TASK BRIEF: The answer must be the lines from the one containing "as [Hp1k _]." through the last line of the data below, copied exactly, with nothing else.

(Collected data entries)
Segment Open
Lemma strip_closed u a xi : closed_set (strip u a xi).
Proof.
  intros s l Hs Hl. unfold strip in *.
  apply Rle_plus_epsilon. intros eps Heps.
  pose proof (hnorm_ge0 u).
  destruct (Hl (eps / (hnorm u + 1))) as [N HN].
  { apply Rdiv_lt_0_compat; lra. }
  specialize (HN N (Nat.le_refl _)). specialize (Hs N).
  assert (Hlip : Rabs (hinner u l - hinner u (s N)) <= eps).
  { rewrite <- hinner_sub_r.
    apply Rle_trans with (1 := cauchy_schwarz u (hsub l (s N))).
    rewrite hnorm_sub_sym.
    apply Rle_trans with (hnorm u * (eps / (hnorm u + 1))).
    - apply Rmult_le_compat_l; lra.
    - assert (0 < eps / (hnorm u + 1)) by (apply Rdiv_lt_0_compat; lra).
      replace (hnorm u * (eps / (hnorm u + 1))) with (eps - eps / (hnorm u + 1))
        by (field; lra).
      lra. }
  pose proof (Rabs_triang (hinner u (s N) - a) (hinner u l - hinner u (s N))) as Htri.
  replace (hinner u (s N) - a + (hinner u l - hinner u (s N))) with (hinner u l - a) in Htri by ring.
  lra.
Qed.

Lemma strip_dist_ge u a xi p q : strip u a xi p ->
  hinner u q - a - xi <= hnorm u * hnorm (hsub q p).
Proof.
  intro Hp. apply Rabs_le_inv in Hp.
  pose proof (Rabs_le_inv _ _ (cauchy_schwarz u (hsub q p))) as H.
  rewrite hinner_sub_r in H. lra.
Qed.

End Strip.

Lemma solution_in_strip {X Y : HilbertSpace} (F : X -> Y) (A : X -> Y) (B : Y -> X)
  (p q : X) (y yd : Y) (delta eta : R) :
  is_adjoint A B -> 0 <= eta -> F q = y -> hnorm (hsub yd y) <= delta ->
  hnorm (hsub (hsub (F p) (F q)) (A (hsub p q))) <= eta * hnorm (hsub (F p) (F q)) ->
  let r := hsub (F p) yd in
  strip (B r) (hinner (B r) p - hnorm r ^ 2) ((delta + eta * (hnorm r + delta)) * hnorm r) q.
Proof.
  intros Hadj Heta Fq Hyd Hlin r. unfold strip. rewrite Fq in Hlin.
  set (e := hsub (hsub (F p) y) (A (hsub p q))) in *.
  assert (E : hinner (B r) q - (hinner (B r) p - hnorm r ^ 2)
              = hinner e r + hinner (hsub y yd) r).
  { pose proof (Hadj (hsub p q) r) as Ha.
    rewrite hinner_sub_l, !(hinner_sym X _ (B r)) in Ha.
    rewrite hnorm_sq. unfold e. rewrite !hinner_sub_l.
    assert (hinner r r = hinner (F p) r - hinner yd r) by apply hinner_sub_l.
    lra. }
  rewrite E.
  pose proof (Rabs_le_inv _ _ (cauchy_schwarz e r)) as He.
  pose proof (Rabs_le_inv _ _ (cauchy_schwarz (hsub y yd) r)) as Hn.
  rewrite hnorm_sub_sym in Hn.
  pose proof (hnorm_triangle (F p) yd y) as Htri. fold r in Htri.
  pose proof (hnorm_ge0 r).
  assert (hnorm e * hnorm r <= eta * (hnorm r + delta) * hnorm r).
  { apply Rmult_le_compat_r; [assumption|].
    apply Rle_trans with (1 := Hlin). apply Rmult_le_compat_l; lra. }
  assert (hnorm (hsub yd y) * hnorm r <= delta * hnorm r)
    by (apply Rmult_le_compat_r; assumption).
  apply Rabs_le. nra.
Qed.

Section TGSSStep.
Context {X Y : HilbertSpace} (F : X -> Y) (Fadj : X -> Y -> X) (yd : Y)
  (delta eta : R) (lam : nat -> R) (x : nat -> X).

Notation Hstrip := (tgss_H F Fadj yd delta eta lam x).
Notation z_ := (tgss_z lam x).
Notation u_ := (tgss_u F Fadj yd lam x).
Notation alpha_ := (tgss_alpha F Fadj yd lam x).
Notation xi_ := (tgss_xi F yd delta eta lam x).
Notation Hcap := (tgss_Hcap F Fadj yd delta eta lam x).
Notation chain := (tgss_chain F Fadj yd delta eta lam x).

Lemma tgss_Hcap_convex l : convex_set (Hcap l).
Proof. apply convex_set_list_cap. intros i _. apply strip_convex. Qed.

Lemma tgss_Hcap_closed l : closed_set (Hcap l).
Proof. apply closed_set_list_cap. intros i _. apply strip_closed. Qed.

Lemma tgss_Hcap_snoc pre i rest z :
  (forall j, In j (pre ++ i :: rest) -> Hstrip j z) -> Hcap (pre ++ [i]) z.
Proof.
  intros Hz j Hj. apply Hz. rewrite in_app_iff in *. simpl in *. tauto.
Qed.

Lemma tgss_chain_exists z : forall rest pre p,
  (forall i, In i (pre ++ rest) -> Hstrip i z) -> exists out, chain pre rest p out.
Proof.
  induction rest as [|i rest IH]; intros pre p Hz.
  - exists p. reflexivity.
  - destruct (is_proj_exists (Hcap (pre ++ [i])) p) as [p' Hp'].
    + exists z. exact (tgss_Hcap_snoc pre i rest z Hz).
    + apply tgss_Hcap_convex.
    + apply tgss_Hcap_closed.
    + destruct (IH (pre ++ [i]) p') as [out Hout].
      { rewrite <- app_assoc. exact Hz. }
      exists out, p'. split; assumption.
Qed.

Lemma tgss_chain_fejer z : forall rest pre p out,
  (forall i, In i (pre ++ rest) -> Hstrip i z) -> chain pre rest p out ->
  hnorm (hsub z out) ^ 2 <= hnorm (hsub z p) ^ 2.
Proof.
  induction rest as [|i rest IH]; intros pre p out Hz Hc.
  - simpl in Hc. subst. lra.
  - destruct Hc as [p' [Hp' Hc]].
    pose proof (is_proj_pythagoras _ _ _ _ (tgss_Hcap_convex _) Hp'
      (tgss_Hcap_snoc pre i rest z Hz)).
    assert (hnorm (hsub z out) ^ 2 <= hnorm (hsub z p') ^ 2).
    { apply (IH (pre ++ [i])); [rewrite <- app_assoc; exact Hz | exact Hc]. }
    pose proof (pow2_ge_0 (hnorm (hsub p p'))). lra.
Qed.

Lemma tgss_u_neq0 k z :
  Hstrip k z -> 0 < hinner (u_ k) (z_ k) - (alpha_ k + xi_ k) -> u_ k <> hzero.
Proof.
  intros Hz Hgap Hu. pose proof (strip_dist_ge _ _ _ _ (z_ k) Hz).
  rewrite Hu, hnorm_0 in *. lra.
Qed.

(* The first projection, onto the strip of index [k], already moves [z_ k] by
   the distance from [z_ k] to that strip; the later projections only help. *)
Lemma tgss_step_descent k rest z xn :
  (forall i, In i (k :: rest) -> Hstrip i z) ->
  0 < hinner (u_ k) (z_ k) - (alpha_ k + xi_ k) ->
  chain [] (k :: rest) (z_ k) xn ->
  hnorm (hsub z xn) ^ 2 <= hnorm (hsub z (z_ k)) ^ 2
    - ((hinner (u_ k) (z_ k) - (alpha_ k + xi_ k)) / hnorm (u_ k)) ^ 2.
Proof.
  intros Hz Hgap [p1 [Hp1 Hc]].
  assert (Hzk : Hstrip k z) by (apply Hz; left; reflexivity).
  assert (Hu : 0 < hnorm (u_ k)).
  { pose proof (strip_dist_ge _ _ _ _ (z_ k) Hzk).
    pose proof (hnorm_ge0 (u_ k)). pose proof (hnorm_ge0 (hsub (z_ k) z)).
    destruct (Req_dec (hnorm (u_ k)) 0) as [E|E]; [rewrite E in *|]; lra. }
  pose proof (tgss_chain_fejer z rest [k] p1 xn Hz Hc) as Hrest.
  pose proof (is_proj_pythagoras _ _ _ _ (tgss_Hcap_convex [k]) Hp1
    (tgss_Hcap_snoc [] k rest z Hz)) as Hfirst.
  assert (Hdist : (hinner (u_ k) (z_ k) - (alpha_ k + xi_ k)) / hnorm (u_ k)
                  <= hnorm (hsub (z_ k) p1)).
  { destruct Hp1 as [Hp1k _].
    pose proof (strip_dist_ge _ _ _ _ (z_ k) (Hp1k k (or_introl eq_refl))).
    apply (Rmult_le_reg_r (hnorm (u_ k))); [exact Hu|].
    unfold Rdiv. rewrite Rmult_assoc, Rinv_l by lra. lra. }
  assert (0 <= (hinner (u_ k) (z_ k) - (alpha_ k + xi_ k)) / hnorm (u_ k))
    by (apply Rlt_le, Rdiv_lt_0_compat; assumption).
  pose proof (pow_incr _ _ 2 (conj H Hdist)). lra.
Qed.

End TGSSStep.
Segment Closed
ANSWER TO THE EXERCISE:
  { destruct Hp1 as [Hp1k _].
    pose proof (strip_dist_ge _ _ _ _ (z_ k) (Hp1k k (or_introl eq_refl))).
    apply (Rmult_le_reg_r (hnorm (u_ k))); [exact Hu|].
    unfold Rdiv. rewrite Rmult_assoc, Rinv_l by lra. lra. }
  assert (0 <= (hinner (u_ k) (z_ k) - (alpha_ k + xi_ k)) / hnorm (u_ k))
    by (apply Rlt_le, Rdiv_lt_0_compat; assumption).
  pose proof (pow_incr _ _ 2 (conj H Hdist)). lra.
Qed.

End TGSSStep.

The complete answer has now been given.